(Stored dataset items)
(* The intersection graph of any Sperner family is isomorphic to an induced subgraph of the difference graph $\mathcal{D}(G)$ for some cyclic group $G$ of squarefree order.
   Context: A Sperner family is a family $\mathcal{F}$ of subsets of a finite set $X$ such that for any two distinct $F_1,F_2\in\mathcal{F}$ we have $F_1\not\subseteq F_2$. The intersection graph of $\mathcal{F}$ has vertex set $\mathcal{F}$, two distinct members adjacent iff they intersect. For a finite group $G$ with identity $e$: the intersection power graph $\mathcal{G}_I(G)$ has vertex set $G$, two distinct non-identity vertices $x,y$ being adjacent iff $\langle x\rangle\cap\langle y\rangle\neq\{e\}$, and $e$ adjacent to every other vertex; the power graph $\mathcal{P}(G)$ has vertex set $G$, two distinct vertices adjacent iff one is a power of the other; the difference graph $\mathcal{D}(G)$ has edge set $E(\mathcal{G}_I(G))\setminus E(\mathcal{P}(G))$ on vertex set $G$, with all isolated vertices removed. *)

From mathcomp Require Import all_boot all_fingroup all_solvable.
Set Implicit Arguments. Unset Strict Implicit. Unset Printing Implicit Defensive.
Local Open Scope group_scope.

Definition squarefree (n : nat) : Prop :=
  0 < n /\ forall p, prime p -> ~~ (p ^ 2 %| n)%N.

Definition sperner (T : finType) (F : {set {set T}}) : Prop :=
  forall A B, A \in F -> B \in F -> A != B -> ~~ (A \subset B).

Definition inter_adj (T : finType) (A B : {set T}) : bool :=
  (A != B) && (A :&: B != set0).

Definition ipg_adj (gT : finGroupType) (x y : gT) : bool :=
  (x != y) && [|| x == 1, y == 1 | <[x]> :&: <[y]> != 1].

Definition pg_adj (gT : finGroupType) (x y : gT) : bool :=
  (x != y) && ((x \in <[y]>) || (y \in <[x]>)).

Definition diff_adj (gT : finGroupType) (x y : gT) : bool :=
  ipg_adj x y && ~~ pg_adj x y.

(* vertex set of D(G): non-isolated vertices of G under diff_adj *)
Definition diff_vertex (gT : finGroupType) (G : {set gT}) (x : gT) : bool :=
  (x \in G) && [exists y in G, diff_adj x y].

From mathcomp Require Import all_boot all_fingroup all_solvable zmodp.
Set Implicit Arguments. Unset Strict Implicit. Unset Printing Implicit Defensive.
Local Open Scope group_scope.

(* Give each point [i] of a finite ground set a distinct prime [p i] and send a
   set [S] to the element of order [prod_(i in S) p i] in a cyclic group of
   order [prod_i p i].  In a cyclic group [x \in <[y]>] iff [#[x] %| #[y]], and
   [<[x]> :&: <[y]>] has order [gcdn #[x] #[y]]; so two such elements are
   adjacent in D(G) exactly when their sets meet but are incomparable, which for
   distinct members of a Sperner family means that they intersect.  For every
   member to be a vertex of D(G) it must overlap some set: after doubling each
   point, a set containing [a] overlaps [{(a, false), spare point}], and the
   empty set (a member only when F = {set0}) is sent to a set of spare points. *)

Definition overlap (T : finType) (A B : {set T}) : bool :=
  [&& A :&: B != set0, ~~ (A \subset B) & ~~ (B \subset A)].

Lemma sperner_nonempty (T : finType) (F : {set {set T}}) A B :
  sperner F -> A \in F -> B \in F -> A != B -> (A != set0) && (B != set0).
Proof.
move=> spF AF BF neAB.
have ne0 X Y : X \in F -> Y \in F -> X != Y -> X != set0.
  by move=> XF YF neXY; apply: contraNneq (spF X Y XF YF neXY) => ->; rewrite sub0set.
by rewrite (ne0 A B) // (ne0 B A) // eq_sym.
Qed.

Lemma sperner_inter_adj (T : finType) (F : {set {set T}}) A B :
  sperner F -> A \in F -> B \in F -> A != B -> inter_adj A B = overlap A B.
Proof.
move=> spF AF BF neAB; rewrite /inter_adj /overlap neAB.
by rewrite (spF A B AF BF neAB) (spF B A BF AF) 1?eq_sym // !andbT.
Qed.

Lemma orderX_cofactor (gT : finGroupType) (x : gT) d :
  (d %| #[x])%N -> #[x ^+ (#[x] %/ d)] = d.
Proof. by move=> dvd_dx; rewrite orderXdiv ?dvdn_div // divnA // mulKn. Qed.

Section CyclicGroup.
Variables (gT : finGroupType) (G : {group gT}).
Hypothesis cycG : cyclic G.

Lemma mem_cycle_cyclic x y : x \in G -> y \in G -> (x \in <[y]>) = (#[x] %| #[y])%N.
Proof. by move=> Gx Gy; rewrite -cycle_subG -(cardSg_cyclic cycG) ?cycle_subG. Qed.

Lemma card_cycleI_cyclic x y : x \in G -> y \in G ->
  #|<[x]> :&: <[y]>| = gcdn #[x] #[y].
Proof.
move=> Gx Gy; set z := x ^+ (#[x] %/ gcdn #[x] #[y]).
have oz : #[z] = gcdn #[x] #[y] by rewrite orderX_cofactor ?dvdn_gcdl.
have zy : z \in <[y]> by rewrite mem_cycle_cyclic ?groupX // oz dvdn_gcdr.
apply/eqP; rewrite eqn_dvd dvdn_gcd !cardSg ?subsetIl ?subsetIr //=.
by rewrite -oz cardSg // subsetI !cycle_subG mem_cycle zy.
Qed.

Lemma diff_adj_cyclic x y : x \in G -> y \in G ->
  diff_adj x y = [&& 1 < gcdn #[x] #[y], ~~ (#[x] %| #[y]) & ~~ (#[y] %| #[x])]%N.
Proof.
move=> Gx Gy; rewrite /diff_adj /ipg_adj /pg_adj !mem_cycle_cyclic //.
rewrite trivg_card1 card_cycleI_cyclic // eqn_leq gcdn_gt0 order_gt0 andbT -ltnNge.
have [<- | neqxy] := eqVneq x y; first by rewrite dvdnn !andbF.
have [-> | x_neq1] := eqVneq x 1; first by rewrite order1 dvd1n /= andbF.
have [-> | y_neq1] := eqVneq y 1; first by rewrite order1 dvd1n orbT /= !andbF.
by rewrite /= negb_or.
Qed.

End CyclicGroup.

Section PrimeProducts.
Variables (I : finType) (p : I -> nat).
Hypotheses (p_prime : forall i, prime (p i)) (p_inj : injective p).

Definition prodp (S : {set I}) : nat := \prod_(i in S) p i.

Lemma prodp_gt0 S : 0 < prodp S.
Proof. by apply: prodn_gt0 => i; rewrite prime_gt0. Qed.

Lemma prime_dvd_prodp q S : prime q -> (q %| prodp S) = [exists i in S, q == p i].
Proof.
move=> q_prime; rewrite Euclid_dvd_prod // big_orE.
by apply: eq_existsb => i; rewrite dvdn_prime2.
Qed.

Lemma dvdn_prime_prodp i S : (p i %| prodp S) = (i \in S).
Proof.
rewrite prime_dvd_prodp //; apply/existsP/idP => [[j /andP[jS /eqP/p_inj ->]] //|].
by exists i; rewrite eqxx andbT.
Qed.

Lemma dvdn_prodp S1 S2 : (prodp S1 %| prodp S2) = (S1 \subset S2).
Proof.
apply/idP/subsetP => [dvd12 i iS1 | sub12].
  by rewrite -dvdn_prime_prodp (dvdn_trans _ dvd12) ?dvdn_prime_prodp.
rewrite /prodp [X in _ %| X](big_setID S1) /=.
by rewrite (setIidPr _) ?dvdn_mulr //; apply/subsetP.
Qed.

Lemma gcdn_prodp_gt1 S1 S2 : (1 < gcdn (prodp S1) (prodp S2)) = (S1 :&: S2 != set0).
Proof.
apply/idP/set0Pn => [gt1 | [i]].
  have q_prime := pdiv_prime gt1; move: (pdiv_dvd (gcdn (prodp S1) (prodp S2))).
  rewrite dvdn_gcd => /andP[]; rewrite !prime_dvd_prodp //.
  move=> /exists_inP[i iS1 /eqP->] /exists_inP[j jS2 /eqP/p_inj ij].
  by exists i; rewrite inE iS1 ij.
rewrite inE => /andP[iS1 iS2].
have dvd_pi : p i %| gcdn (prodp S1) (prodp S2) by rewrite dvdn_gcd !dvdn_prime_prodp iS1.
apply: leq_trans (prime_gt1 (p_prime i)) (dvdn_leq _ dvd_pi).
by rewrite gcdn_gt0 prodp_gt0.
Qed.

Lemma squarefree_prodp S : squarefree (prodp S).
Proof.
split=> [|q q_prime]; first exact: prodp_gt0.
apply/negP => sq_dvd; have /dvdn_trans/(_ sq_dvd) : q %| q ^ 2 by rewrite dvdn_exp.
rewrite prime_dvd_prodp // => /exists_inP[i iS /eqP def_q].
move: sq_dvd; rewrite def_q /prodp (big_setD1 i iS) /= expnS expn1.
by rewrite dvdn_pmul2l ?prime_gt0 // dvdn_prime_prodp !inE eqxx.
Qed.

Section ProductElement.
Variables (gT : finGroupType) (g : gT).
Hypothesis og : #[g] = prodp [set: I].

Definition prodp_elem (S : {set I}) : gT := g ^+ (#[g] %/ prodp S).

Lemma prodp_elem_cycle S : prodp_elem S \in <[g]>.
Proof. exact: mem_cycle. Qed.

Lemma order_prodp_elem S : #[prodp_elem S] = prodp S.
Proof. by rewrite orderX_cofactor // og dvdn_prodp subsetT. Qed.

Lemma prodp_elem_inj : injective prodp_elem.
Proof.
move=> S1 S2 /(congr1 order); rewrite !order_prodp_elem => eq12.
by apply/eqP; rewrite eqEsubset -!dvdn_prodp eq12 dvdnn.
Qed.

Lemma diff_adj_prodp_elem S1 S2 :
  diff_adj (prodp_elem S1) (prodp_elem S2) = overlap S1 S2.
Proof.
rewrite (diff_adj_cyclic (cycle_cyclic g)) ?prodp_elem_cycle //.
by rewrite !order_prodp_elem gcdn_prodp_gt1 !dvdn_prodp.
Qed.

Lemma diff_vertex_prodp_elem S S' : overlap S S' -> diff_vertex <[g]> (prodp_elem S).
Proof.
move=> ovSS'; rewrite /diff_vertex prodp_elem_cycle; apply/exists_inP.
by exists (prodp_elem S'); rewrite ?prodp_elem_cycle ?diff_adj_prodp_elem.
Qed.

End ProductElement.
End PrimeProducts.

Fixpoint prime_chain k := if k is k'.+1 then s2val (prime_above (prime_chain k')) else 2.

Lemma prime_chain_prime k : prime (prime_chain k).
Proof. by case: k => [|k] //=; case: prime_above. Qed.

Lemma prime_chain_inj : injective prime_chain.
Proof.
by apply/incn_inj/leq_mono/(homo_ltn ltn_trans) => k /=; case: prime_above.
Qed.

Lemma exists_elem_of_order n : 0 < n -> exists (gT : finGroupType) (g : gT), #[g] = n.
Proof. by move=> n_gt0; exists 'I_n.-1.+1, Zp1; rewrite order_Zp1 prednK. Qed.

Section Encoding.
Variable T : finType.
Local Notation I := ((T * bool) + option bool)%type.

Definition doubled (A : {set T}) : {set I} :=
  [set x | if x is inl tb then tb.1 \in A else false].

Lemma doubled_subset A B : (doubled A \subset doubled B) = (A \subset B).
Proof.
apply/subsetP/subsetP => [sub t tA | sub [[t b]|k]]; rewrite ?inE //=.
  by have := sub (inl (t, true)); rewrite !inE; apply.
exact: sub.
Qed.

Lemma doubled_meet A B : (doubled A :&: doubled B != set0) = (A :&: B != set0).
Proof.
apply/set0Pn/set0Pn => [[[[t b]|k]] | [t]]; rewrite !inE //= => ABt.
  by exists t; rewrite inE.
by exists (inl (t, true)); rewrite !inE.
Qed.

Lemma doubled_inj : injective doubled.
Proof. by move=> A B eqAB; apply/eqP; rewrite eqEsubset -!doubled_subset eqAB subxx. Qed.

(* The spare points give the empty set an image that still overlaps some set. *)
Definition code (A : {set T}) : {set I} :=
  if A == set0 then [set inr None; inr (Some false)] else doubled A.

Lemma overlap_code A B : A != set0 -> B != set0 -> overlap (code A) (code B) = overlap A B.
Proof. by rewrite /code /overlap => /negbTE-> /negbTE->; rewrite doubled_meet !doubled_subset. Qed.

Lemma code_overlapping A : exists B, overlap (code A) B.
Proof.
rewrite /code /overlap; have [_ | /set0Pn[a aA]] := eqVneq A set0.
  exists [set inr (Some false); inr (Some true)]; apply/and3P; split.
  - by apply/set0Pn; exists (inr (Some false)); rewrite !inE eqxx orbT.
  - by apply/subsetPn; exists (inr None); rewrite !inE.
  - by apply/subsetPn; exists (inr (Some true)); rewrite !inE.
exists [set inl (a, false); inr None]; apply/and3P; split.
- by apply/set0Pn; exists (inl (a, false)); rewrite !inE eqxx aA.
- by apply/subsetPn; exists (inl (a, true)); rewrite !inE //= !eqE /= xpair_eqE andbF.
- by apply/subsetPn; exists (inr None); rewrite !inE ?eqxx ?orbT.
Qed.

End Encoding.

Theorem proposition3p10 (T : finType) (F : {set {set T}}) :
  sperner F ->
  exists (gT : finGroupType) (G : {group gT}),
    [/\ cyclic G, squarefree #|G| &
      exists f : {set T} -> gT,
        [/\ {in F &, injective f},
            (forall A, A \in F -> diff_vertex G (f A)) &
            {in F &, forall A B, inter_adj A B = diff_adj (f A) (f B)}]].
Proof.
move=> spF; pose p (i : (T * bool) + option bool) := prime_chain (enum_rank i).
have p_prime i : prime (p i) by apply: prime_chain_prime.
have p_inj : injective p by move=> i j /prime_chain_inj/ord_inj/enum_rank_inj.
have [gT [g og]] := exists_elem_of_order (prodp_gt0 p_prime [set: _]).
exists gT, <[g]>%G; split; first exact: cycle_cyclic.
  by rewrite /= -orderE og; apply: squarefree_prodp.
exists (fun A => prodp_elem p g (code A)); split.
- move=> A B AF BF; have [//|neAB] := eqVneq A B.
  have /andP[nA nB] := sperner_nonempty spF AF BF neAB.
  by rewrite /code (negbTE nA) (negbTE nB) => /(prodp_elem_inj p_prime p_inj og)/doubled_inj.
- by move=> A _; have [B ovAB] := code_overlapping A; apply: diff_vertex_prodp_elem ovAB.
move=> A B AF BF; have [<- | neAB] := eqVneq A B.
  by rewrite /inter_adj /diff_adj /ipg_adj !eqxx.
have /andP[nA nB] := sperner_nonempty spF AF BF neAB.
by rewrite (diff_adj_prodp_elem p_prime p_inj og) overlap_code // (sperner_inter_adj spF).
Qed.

== Your objective ==
Given the records above, reproduce precisely and only the lines between the line holding "move=> spF; pose" and the line holding "exists (fun A", inclusive.

== Exercise response ==
move=> spF; pose p (i : (T * bool) + option bool) := prime_chain (enum_rank i).
have p_prime i : prime (p i) by apply: prime_chain_prime.
have p_inj : injective p by move=> i j /prime_chain_inj/ord_inj/enum_rank_inj.
have [gT [g og]] := exists_elem_of_order (prodp_gt0 p_prime [set: _]).
exists gT, <[g]>%G; split; first exact: cycle_cyclic.
  by rewrite /= -orderE og; apply: squarefree_prodp.
exists (fun A => prodp_elem p g (code A)); split.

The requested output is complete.